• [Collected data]
Definition clique_weight_bound (n : nat) (s : nat -> nat) : Prop :=
  forall J : {set 'I_n}, J != set0 ->
    (exists2 j, j \in J & #|J| <= s j) \/
    (exists j j', [/\ j \in J, j' \in J, j.+1 = j' :> nat & #|J| <= s j + s j']).

Section Blowup.
Variables (n : nat) (s : nat -> nat).

Definition blowup_vertex := {j : 'I_n & 'I_(s j)}.

Definition blowup : rel blowup_vertex :=
  fun u v => [&& u != v, tag u <= (tag v).+1 & tag v <= (tag u).+1].

Definition block (j : 'I_n) : {set blowup_vertex} :=
  [set Tagged (fun i : 'I_n => 'I_(s i)) k | k : 'I_(s j)].

Lemma blowup_simple : simple_graph blowup.
Proof.
split=> [u v|u]; rewrite /blowup ?eqxx // eq_sym.
by congr (_ && _); rewrite andbC.
Qed.

Lemma card_blowup_vertex : #|{: blowup_vertex}| = \sum_(j < n) s j.
Proof.
rewrite card_tagged sumnE big_map big_enum /=.
by apply: eq_bigr => j _; rewrite card_ord.
Qed.

Lemma tag_block j v : v \in block j -> tag v = j.
Proof. by move=> /imsetP[k _ ->]. Qed.

Lemma card_block j : #|block j| = s j.
Proof. by rewrite card_imset ?card_ord // => k k'; apply: eq_from_Tagged. Qed.

Lemma blowup_clique (j j' : 'I_n) : j <= j'.+1 -> j' <= j.+1 ->
  {in block j :|: block j' &, forall u v, u != v -> blowup u v}.
Proof.
move=> le_jj' le_j'j u v.
rewrite /blowup !inE => /orP[] /tag_block tag_u /orP[] /tag_block tag_v ->;
  by rewrite tag_u tag_v ?leqnSn ?le_jj' ?le_j'j.
Qed.

Lemma blowup_induced_path (w : 'I_n -> blowup_vertex) :
    (forall j, tag (w j) = j) ->
  injective w /\ forall i j, blowup (w i) (w j) = path_graph i j.
Proof.
move=> tag_w; have injw : injective w by move=> i j eqw; rewrite -[i]tag_w -[j]tag_w eqw.
split=> // i j; rewrite /blowup /path_graph !tag_w (inj_eq injw) -val_eqE /=.
by apply/idP/idP; lia.
Qed.

Lemma blowup_rainbow_transversal k (col : blowup_vertex -> 'I_k.+1) :
    clique_weight_bound n s -> (forall u v, blowup u v -> col u != col v) ->
  exists w : 'I_n -> blowup_vertex,
    (forall j, tag (w j) = j) /\ injective (fun j => col (w j)).
Proof.
move=> weight_s proper_col; pose A j := col @: block j.
have cardA j : #|A j| = s j.
  have := card_imset_clique proper_col (blowup_clique (leqnSn j) (leqnSn j)).
  by rewrite !setUid card_block.
have cardAU (j j' : 'I_n) : j.+1 = j' :> nat -> #|A j :|: A j'| = s j + s j'.
  move=> jj'; have le_jj' : j <= j'.+1 by rewrite -jj' leqW.
  have le_j'j : j' <= j.+1 by rewrite -jj'.
  rewrite -imsetU (card_imset_clique proper_col (blowup_clique le_jj' le_j'j)).
  rewrite cardsU !card_block -[RHS]subn0; congr (_ - _).
  apply/eqP; rewrite cards_eq0 -subset0; apply/subsetP => v.
  rewrite !inE => /andP[/tag_block tag_j /tag_block tag_j'].
  by move: jj'; rewrite -tag_j -tag_j'; lia.
have hallA : hall_condition setT A.
  move=> J _; have [-> | nzJ] := eqVneq J set0; first by rewrite cards0.
  case: (weight_s J nzJ) => [[j jJ leJ] | [j [j' [jJ j'J jj' leJ]]]];
    apply: leq_trans leJ _.
  - by rewrite -cardA; apply/subset_leq_card/bigcup_sup.
  - by rewrite -cardAU //; apply/subset_leq_card; rewrite subUset !bigcup_sup.
have [f [injf fA]] := hall_marriage ord0 hallA.
have ex_w j : exists v, (v \in block j) && (col v == f j).
  by have /imsetP[v vj ->] := fA j (in_setT j); exists v; rewrite vj eqxx.
exists (fun j => xchoose (ex_w j)); split=> [j | i j].
  by have /andP[/tag_block] := xchooseP (ex_w j).
have /andP[_ /eqP->] := xchooseP (ex_w i); have /andP[_ /eqP->] := xchooseP (ex_w j).
by apply: injf; rewrite in_setT.
Qed.
(* [G] collects the variables of [t] that have already replaced variables of [u]. *)
Lemma asgsK_relist_fresh_ext t al : sentence al -> uniq (map fst t) ->
  forall u G, uniq (map fst u) -> {in map fst u, forall v, v \notin map fst t} ->
  {subset map snd u <= map snd t} -> G `<=` vars t ->
  thm (asgs t (Imp (asgs u (K (vars u `|` G) al)) (K (vars t) al))).
Proof.
move=> Sa Ut; elim=> [|[z a] u IH] G /=.
  move=> _ _ _ HG; apply/thm_asgs/thm_ax; last by wf_tac.
  by apply: ax_Kmono; apply/fsubsetP => v; rewrite inE mem_vars /= => /(fsubsetP HG).
case/andP=> Hzu Uu Hd Hag HG.
have Hzt : z \notin map fst t by apply: Hd; rewrite mem_head.
have /mapP[[y b] Hy /= Eab] := Hag a (mem_head _ _); rewrite -{b}Eab in Hy.
have Hyt : y \in map fst t by apply/mapP; exists (y, a).
have HzG : z \notin G by apply: (contraNN _ Hzt) => /(fsubsetP HG); rewrite mem_vars.
set f := asgs u (K (vars ((z, a) :: u) `|` G) al).
have Wf : wf f by rewrite /f wf_asgs.
have Ad : admissible y z f.
  by apply: admissible_asgs => //; apply/negP => /(fun Hyu => Hd y (mem_behead Hyu)); rewrite Hyt.
have Hsub : subst y z f = asgs u (K (vars u `|` (y |` G)) al).
  rewrite /f subst_asgs //= in_fsetU mem_vars /= mem_head /=; congr (asgs u (K _ al)).
  apply/fsetP => v; rewrite !(in_fsetU, in_fsetD1, mem_vars, in_fset1U) /= in_cons.
  by case: (eqVneq v z) => [->|_] /=; [rewrite (negbTE Hzu) (negbTE HzG) !orbF | rewrite orbCA].
have Rest : thm (asgs t (Imp (asgs u (K (vars u `|` (y |` G)) al)) (K (vars t) al))).
  apply: IH => //.
  - by move=> v Hv; apply: Hd; rewrite inE Hv orbT.
  - by move=> b Hb; apply: Hag; rewrite inE Hb orbT.
  - by apply/fsubsetP => v; rewrite in_fset1U => /predU1P[->|/(fsubsetP HG)] //; rewrite mem_vars.
have := asgs_subst Ut Hy Ad Wf; rewrite Hsub => Sub.
by apply: (asgs_taut2 Sub Rest); [taut_tac | wf_tac].
Qed.
(* Consider the online execution scheduling algorithm OES (described in the context) applied to a distributed GNN training job with a fixed task placement. Then at every time step $t$ and for every machine $m\in\{1,\dots,M\}$, the ingress flow degree satisfies $\Delta^m_{in}\le \widehat{\Delta^m_{in}}$ and the egress flow degree satisfies $\Delta^m_{out}\le \widehat{\Delta^m_{out}}$.
   Context: Setting (distributed GNN training job). There are $M$ machines; machine $m$ has available incoming bandwidth $B^m_{in}$ and outgoing bandwidth $B^m_{out}$. The set of tasks is $J=J_g\cup J_s\cup J_w\cup J_{ps}$ (graph store servers, samplers, workers, parameter servers (PSs)); each worker has an associated set of samplers. A fixed placement assigns each task $j$ to exactly one machine ($y^m_j=1$ iff $j$ is on machine $m$). Training runs for $N$ iterations in discrete time steps $t=1,2,\dots$; task $j$ takes execution time $p_j$ in every iteration; $(j,n)$ denotes task $j$ in iteration $n$. Successor relation $succ(j,n)$: $(s,n)\in succ(g,n)$ for every graph store server $g$ and sampler $s$; $(w,n)\in succ(s,n)$ for every sampler $s$ and its associated worker $w$; $(ps,n)\in succ(w,n)$ for every worker $w$ and PS $ps$; $(w,n+1)\in succ(ps,n)$ for every PS $ps$ and worker $w$. For each $(j',n')\in succ(j,n)$ with $j,j'$ on different machines there is a flow $(j,n)\to(j',n')$ of data volume $d_{(j,n)\to(j',n')}$, which may only start after $(j,n)$ finishes, must finish before $(j',n')$ starts, and (inter-iteration dependency) may not start before the flow $(j,n-1)\to(j',n'-1)$ has finished. Also $(j,n+1)$ may start only after $(j,n)$ finishes, and if $j,j'$ are on the same machine, $(j',n')$ may start only after $(j,n)$ finishes (no transfer needed). Algorithm OES. It maintains a set $F_{act}$ of active flows (started but unfinished) and a set $F_{pend}$ of pending flows (whose source task is finished but whose previous-iteration counterpart $(j,n-1)\to(j',n'-1)$ has not finished). At $t=1$ all graph store servers of iteration 1 start. At each time step $t$: every task $(j,n)$ whose dependencies are all satisfied (all required data received, previous iteration of $j$ done) starts; for every task $(j,n)$ that finished at $t-1$ and every inter-machine flow $(j,n)\to(j',n')$ out of it, the flow is added to $F_{pend}$ if $(j,n-1)\to(j',n'-1)\in F_{act}\cup F_{pend}$, and to $F_{act}$ otherwise; for every flow $(j,n)\to(j',n')$ that finished at $t-1$, if $(j,n+1)\to(j',n'+1)\in F_{pend}$ it is moved to $F_{act}$. Then, with $\Delta^m_{in}$ (resp. $\Delta^m_{out}$) the number of flows in $F_{act}$ whose destination (resp. source) task is on machine $m$, every active flow from a task on machine $m$ to a task on machine $m'$ transmits $\min\{B^{m'}_{in}/\Delta^{m'}_{in},\,B^m_{out}/\Delta^m_{out}\}$ data units at time $t$. One-iteration degrees. Let $F_{one\_iter}$ be the set of all inter-machine flows of one training iteration (including the transfers of parameters updated by the PSs in that iteration to the workers). $\widehat{\Delta^m_{in}}$ (resp. $\widehat{\Delta^m_{out}}$) is the number of flows in $F_{one\_iter}$ whose destination (resp. source) task is placed on machine $m$. *)

From HB Require Import structures.
From mathcomp Require Import all_boot all_order all_algebra.
Set Implicit Arguments. Unset Strict Implicit. Unset Printing Implicit Defensive.
Import Order.TTheory GRing.Theory Num.Theory.
Theorem theorem3 : exists C : R,
  forall (X : topologicalType) (x0 : X) (Fs : set (X -> R)) (nF : (X -> R) -> R),
  banach_compact_emb Fs nF ->
  exists S : strategy X,
    (forall (x : nat -> X) (y : nat -> R),
       (forall n, -1 <= y n <= 1) ->
       forall n : nat, (1 <= n)%N -> `|pred_at S x y n| <= 1) /\
    (forall (x : nat -> X) (y : nat -> R),
       (forall n, -1 <= y n <= 1) ->
       forall (N : nat), (1 <= N)%N ->
       forall F : X -> R, Fs F ->
       let phi := 2 * Num.max 1 (nF F) in
       \sum_(1 <= n < N.+1) (y n - pred_at S x y n) ^+ 2
       <= \sum_(1 <= n < N.+1) (y n - F (x n)) ^+ 2
          + C * inf [set entropy (eps / phi) [set f | Fs f /\ nF f <= 1]
                         + log2 (log2 (1 / eps)) + log2 (log2 phi)
                         + eps * N%:R + 1
                    | eps in [set e : R | 0 < e <= 1 / 2]]).
Proof.
exists 1000 => X x0 Fs nF [_ [_ [_ Fs_scale]] [_ [nF_scale _]] _ ball_compact].
set A := [set f | Fs f /\ nF f <= 1].
have A_nets e : 0 < e -> exists n, net_sizes e A n.
  by move=> e0; exact: compact_net_sizes.
have dyadic_nets s : exists n, net_sizes (2 ^- s) A n.
  by apply: A_nets; rewrite invr_gt0 exprn_gt0.
have [size_net [net [net_cover net_min]]] := minimal_nets dyadic_nets.
pose pool := grid (class_size size_net).
pose prior := grid_prior (class_size size_net).
pose expert := scaled_expert net.
pose S := aggregating_strategy pool prior expert x0.
exists S; split=> [x y _ n n1|x y y_bd N _ F FsF /=].
  rewrite pred_at_aggregating // prediction_bd // => *.
  - exact: grid_prior_ge0.
  - exact: scaled_expert_bd.
set mm := Num.max 1 (nF F); have mm1 : 1 <= mm by rewrite le_max lexx.
have F_ball c : mm <= c -> A (fun z => c^-1 * F z).
  move=> le_mc; have c0 : 0 < c by apply: lt_le_trans le_mc; lra.
  split; first exact: Fs_scale.
  rewrite nF_scale // ger0_norm ?invr_ge0 ?(ltW c0) // ler_pdivrMl // mulr1.
  by apply: le_trans le_mc; rewrite le_max lexx orbT.
have -> : \sum_(1 <= n < N.+1) (y n - pred_at S x y n) ^+ 2
    = learner_loss pool prior expert x y N.+1.
  by apply: eq_big_nat => n /andP[n1 _]; rewrite pred_at_aggregating.
set L := learner_loss _ _ _ _ _ _; set LF := \sum_(1 <= n < N.+1) _; set B := inf _.
suff : (L - LF) / 1000 <= B by lra.
apply: lb_le_inf => [|_ [eps eps_range <-]].
  by eexists; exists (1 / 2) => //; apply/andP; split; lra.
have := multiscale_regret net_cover net_min A_nets x N y_bd mm1 F_ball eps_range.
by rewrite -/L -/LF; lra.
Qed.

• [YOUR OBJECTIVE] Using the records above, set down exactly the lines from the one with "pose pool := grid (class_size size_net)." through the one with "apply: lb_le_inf => [|_ [eps eps_range <-]].", inclusive, and nothing more.

• [WORKED SOLUTION]
pose pool := grid (class_size size_net).
pose prior := grid_prior (class_size size_net).
pose expert := scaled_expert net.
pose S := aggregating_strategy pool prior expert x0.
exists S; split=> [x y _ n n1|x y y_bd N _ F FsF /=].
  rewrite pred_at_aggregating // prediction_bd // => *.
  - exact: grid_prior_ge0.
  - exact: scaled_expert_bd.
set mm := Num.max 1 (nF F); have mm1 : 1 <= mm by rewrite le_max lexx.
have F_ball c : mm <= c -> A (fun z => c^-1 * F z).
  move=> le_mc; have c0 : 0 < c by apply: lt_le_trans le_mc; lra.
  split; first exact: Fs_scale.
  rewrite nF_scale // ger0_norm ?invr_ge0 ?(ltW c0) // ler_pdivrMl // mulr1.
  by apply: le_trans le_mc; rewrite le_max lexx orbT.
have -> : \sum_(1 <= n < N.+1) (y n - pred_at S x y n) ^+ 2
    = learner_loss pool prior expert x y N.+1.
  by apply: eq_big_nat => n /andP[n1 _]; rewrite pred_at_aggregating.
set L := learner_loss _ _ _ _ _ _; set LF := \sum_(1 <= n < N.+1) _; set B := inf _.
suff : (L - LF) / 1000 <= B by lra.
apply: lb_le_inf => [|_ [eps eps_range <-]].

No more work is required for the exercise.